* _YOUR OBJECTIVE_
With the line containing "O (fun _ => True) /\" as the start and the line containing "locally_countable Oj V." as the end, transcribe that span of the entries below exactly, including both.

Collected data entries
== Segment start ==

(* Let $(X,\tau_1,\tau_2)$ be a bitopological space, $i,j\in\{1,2\}$, $i\neq j$, which is $(i,j)$-almost regular, $(i,j)$-semiregular and a $j$-$P$-space. Then $X$ is $\tau_i$-paralindelöf with respect to $\tau_j$ if and only if $X$ is $(i,j)_r$-nearly paralindelöf.
   Context: $(X,\tau_1,\tau_2)$ is a bitopological space and $i,j\in\{1,2\}$, $i\neq j$. For $k\in\{1,2\}$, $k\text{-}\mathrm{int}$ and $k\text{-}\mathrm{cl}$ denote interior and closure with respect to $\tau_k$; ''$k$-open'' means $\tau_k$-open. A set $A$ is $(i,j)$-regular open if $A=i\text{-}\mathrm{int}(j\text{-}\mathrm{cl}(A))$. $X$ is $(i,j)$-semiregular if the $(i,j)$-regular open sets form a base for $\tau_i$. $X$ is $(i,j)$-almost regular if for each $x\in X$ and each $(i,j)$-regular open set $U$ containing $x$ there is an $(i,j)$-regular open set $V$ with $x\in V\subseteq j\text{-}\mathrm{cl}(V)\subseteq U$. A family $\mathcal V$ refines $\mathcal U$ if each member of $\mathcal V$ is contained in some member of $\mathcal U$; a family is a cover of $X$ if its union is $X$. A family is $k$-locally countable if every $x\in X$ has a $k$-open neighbourhood meeting at most countably many of its members. $X$ is a $k$-$P$-space if every intersection of countably many $k$-open sets is $k$-open. $X$ is $\tau_i$-paralindelöf with respect to $\tau_j$ if every cover of $X$ by $i$-open sets has a refinement which is a cover of $X$ by $i$-open sets and is $j$-locally countable. $X$ is $(i,j)_r$-nearly paralindelöf if every cover $\{U_\alpha:\alpha\in\Delta\}$ of $X$ by $(i,j)$-regular open sets has a $j$-locally countable cover $\{V_\beta:\beta\in B\}$ of $X$ by $(i,j)$-regular open sets such that for each $\beta\in B$ there is $\alpha(\beta)\in\Delta$ with $j\text{-}\mathrm{cl}(V_\beta)\subseteq U_{\alpha(\beta)}$. *)

From Stdlib Require Import Classical.

Definition set (X : Type) := X -> Prop.

Section Topo.
Context {X : Type}.

Definition subset (A B : set X) : Prop := forall x, A x -> B x.
Definition set_eq (A B : set X) : Prop := forall x, A x <-> B x.

Definition is_topology (O : set X -> Prop) : Prop :=
  O (fun _ => True) /\
  (forall (D : Type) (F : D -> set X), (forall d, O (F d)) ->
      O (fun x => exists d, F d x)) /\
  (forall A B, O A -> O B -> O (fun x => A x /\ B x)).

Definition interior (O : set X -> Prop) (A : set X) : set X :=
  fun x => exists U, O U /\ U x /\ subset U A.

Definition closure (O : set X -> Prop) (A : set X) : set X :=
  fun x => forall U, O U -> U x -> exists y, U y /\ A y.

Definition regular_open (Oi Oj : set X -> Prop) (A : set X) : Prop :=
  set_eq A (interior Oi (closure Oj A)).

Definition semiregular (Oi Oj : set X -> Prop) : Prop :=
  (forall A, regular_open Oi Oj A -> Oi A) /\
  (forall U x, Oi U -> U x ->
     exists V, regular_open Oi Oj V /\ V x /\ subset V U).

Definition almost_regular (Oi Oj : set X -> Prop) : Prop :=
  forall x U, regular_open Oi Oj U -> U x ->
    exists V, regular_open Oi Oj V /\ V x /\ subset (closure Oj V) U.

Definition countable {B : Type} (P : B -> Prop) : Prop :=
  exists f : {b : B | P b} -> nat, forall u v, f u = f v -> u = v.

Definition is_cover {D : Type} (U : D -> set X) : Prop :=
  forall x, exists d, U d x.

Definition refines {B D : Type} (V : B -> set X) (U : D -> set X) : Prop :=
  forall b, exists d, subset (V b) (U d).

Definition locally_countable (O : set X -> Prop) {B : Type} (V : B -> set X)
  : Prop :=
  forall x, exists N, O N /\ N x /\
    countable (fun b => exists y, N y /\ V b y).

Definition P_space (O : set X -> Prop) : Prop :=
  forall U : nat -> set X, (forall n, O (U n)) -> O (fun x => forall n, U n x).

Definition paralindelof_wrt (Oi Oj : set X -> Prop) : Prop :=
  forall (D : Type) (U : D -> set X), (forall d, Oi (U d)) -> is_cover U ->
    exists (B : Type) (V : B -> set X),
      refines V U /\ is_cover V /\ (forall b, Oi (V b)) /\
      locally_countable Oj V.

Definition nearly_paralindelof (Oi Oj : set X -> Prop) : Prop :=
  forall (D : Type) (U : D -> set X),
    (forall d, regular_open Oi Oj (U d)) -> is_cover U ->
    exists (B : Type) (V : B -> set X),
      locally_countable Oj V /\ is_cover V /\
      (forall b, regular_open Oi Oj (V b)) /\
      (forall b, exists d, subset (closure Oj (V b)) (U d)).

End Topo.

Inductive idx := one | two.

Definition sel {X : Type} (k : idx) (t1 t2 : set X -> Prop) : set X -> Prop :=
  match k with one => t1 | two => t2 end.

(* Forward: refine the cover by i-open sets by the regular open V with
   j-cl V inside some member (almost regularity), apply paralindelöfness, and
   replace each member W of the refinement by its regularization i-int (j-cl W):
   it is regular open, contains W, has the same j-closure, and meets a j-open
   set only if W does, so local countability survives.
   Backward: refine an i-open cover by the regular open sets inside its
   members (semiregularity) and apply near paralindelöfness. *)

From Stdlib Require Import Classical.

Section BitopologicalParalindelof.
Context {X : Type}.
Implicit Types (O Oi Oj : set X -> Prop) (A B N : set X).

Lemma subset_closure O A : subset A (closure O A).
Proof. intros x Ax U _ Ux. exists x; auto. Qed.

Lemma closure_mono O {A B} : subset A B -> subset (closure O A) (closure O B).
Proof.
  intros AB x clA U OU Ux.
  destruct (clA U OU Ux) as [y [Uy Ay]]. exists y; auto.
Qed.

Lemma closure_idem O A : subset (closure O (closure O A)) (closure O A).
Proof.
  intros x clclA U OU Ux.
  destruct (clclA U OU Ux) as [y [Uy clAy]]. apply clAy; auto.
Qed.

Lemma interior_subset {O A} : subset (interior O A) A.
Proof. intros x [U [_ [Ux UA]]]. auto. Qed.

Lemma interior_mono {O A B} : subset A B -> subset (interior O A) (interior O B).
Proof.
  intros AB x [U [OU [Ux UA]]]. exists U; repeat split; auto.
  intros y Uy; auto.
Qed.

Lemma open_meets_closure {O N A} :
  O N -> (exists y, N y /\ closure O A y) -> exists y, N y /\ A y.
Proof. intros ON [y [Ny clAy]]. exact (clAy N ON Ny). Qed.

Lemma countable_weaken {I : Type} (P Q : I -> Prop) :
  (forall b, Q b -> P b) -> countable P -> countable Q.
Proof.
  intros QP [f f_inj].
  exists (fun u => f (exist _ (proj1_sig u) (QP _ (proj2_sig u)))).
  intros [u Qu] [v Qv] e. apply f_inj in e. inversion e. subst.
  f_equal. apply proof_irrelevance.
Qed.

Definition regularization Oi Oj A : set X := interior Oi (closure Oj A).

Lemma open_subset_regularization {Oi} Oj {A} :
  Oi A -> subset A (regularization Oi Oj A).
Proof.
  intros OA x Ax. exists A; repeat split; auto. apply subset_closure.
Qed.

Lemma closure_regularization {Oi} Oj {A} :
  Oi A -> set_eq (closure Oj (regularization Oi Oj A)) (closure Oj A).
Proof.
  intros OA x; split; intro h.
  - apply closure_idem. exact (closure_mono Oj (@interior_subset Oi _) x h).
  - eapply closure_mono; [apply open_subset_regularization; exact OA | exact h].
Qed.

Lemma regular_open_regularization {Oi} Oj {A} :
  Oi A -> regular_open Oi Oj (regularization Oi Oj A).
Proof.
  intros OA x.
  split; apply interior_mono; intros y; apply (closure_regularization Oj OA).
Qed.

Lemma locally_countable_regularization Oi {Oj} {I : Type} {V : I -> set X} :
  locally_countable Oj V ->
  locally_countable Oj (fun b => regularization Oi Oj (V b)).
Proof.
  intros lcV x. destruct (lcV x) as [N [ON [Nx cN]]].
  exists N; repeat split; auto.
  eapply countable_weaken; [| exact cN].
  intros b [y [Ny Ry]]. apply (open_meets_closure ON).
  exists y; split; [exact Ny | exact (interior_subset y Ry)].
Qed.

Lemma nearly_paralindelof_of_paralindelof {Oi Oj} :
  (forall A, regular_open Oi Oj A -> Oi A) -> almost_regular Oi Oj ->
  paralindelof_wrt Oi Oj -> nearly_paralindelof Oi Oj.
Proof.
  intros regular_open_open Har Hp D U RU coverU.
  set (D' := {V : set X |
               regular_open Oi Oj V /\ exists d, subset (closure Oj V) (U d)}).
  destruct (Hp D' (@proj1_sig _ _)) as [B [W [refW [coverW [OW lcW]]]]].
  - intros V. exact (regular_open_open _ (proj1 (proj2_sig V))).
  - intros x. destruct (coverU x) as [d Ux].
    destruct (Har x (U d) (RU d) Ux) as [V [RV [Vx clV]]].
    exists (exist _ V (conj RV (ex_intro _ d clV))). exact Vx.
  - exists B, (fun b => regularization Oi Oj (W b)).
    split; [| split; [| split]].
    + exact (locally_countable_regularization Oi lcW).
    + intros x. destruct (coverW x) as [b Wx].
      exists b. exact (open_subset_regularization Oj (OW b) x Wx).
    + intros b. exact (regular_open_regularization Oj (OW b)).
    + intros b. destruct (refW b) as [[V [RV [d clV]]] WV].
      exists d. intros x clRx. apply clV.
      apply (closure_mono Oj WV), (closure_regularization Oj (OW b)), clRx.
Qed.

Lemma paralindelof_of_nearly_paralindelof {Oi Oj} :
  semiregular Oi Oj -> nearly_paralindelof Oi Oj -> paralindelof_wrt Oi Oj.
Proof.
  intros [regular_open_open regular_base] Hn D U OU coverU.
  set (D' := {V : set X | regular_open Oi Oj V /\ exists d, subset V (U d)}).
  destruct (Hn D' (@proj1_sig _ _)) as [B [W [lcW [coverW [RW clW]]]]].
  - intros V. exact (proj1 (proj2_sig V)).
  - intros x. destruct (coverU x) as [d Ux].
    destruct (regular_base (U d) x (OU d) Ux) as [V [RV [Vx VU]]].
    exists (exist _ V (conj RV (ex_intro _ d VU))). exact Vx.
  - exists B, W. split; [| split; [| split]]; auto.
    intros b. destruct (clW b) as [[V [RV [d VU]]] clWV].
    exists d. intros x Wx. apply VU, clWV, subset_closure, Wx.
Qed.

End BitopologicalParalindelof.

Theorem mainTheorem10 (X : Type) (t1 t2 : set X -> Prop)
  (H1 : is_topology t1) (H2 : is_topology t2) (i j : idx) (Hij : i <> j)
  (Har : almost_regular (sel i t1 t2) (sel j t1 t2))
  (Hsr : semiregular (sel i t1 t2) (sel j t1 t2))
  (HP : P_space (sel j t1 t2)) :
  paralindelof_wrt (sel i t1 t2) (sel j t1 t2) <->
  nearly_paralindelof (sel i t1 t2) (sel j t1 t2).
Proof.
  split.
  - exact (nearly_paralindelof_of_paralindelof (proj1 Hsr) Har).
  - exact (paralindelof_of_nearly_paralindelof Hsr).
Qed.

== Segment end ==

* _COMPLETED TASK_
  O (fun _ => True) /\
  (forall (D : Type) (F : D -> set X), (forall d, O (F d)) ->
      O (fun x => exists d, F d x)) /\
  (forall A B, O A -> O B -> O (fun x => A x /\ B x)).

Definition interior (O : set X -> Prop) (A : set X) : set X :=
  fun x => exists U, O U /\ U x /\ subset U A.

Definition closure (O : set X -> Prop) (A : set X) : set X :=
  fun x => forall U, O U -> U x -> exists y, U y /\ A y.

Definition regular_open (Oi Oj : set X -> Prop) (A : set X) : Prop :=
  set_eq A (interior Oi (closure Oj A)).

Definition semiregular (Oi Oj : set X -> Prop) : Prop :=
  (forall A, regular_open Oi Oj A -> Oi A) /\
  (forall U x, Oi U -> U x ->
     exists V, regular_open Oi Oj V /\ V x /\ subset V U).

Definition almost_regular (Oi Oj : set X -> Prop) : Prop :=
  forall x U, regular_open Oi Oj U -> U x ->
    exists V, regular_open Oi Oj V /\ V x /\ subset (closure Oj V) U.

Definition countable {B : Type} (P : B -> Prop) : Prop :=
  exists f : {b : B | P b} -> nat, forall u v, f u = f v -> u = v.

Definition is_cover {D : Type} (U : D -> set X) : Prop :=
  forall x, exists d, U d x.

Definition refines {B D : Type} (V : B -> set X) (U : D -> set X) : Prop :=
  forall b, exists d, subset (V b) (U d).

Definition locally_countable (O : set X -> Prop) {B : Type} (V : B -> set X)
  : Prop :=
  forall x, exists N, O N /\ N x /\
    countable (fun b => exists y, N y /\ V b y).

Definition P_space (O : set X -> Prop) : Prop :=
  forall U : nat -> set X, (forall n, O (U n)) -> O (fun x => forall n, U n x).

Definition paralindelof_wrt (Oi Oj : set X -> Prop) : Prop :=
  forall (D : Type) (U : D -> set X), (forall d, Oi (U d)) -> is_cover U ->
    exists (B : Type) (V : B -> set X),
      refines V U /\ is_cover V /\ (forall b, Oi (V b)) /\
      locally_countable Oj V.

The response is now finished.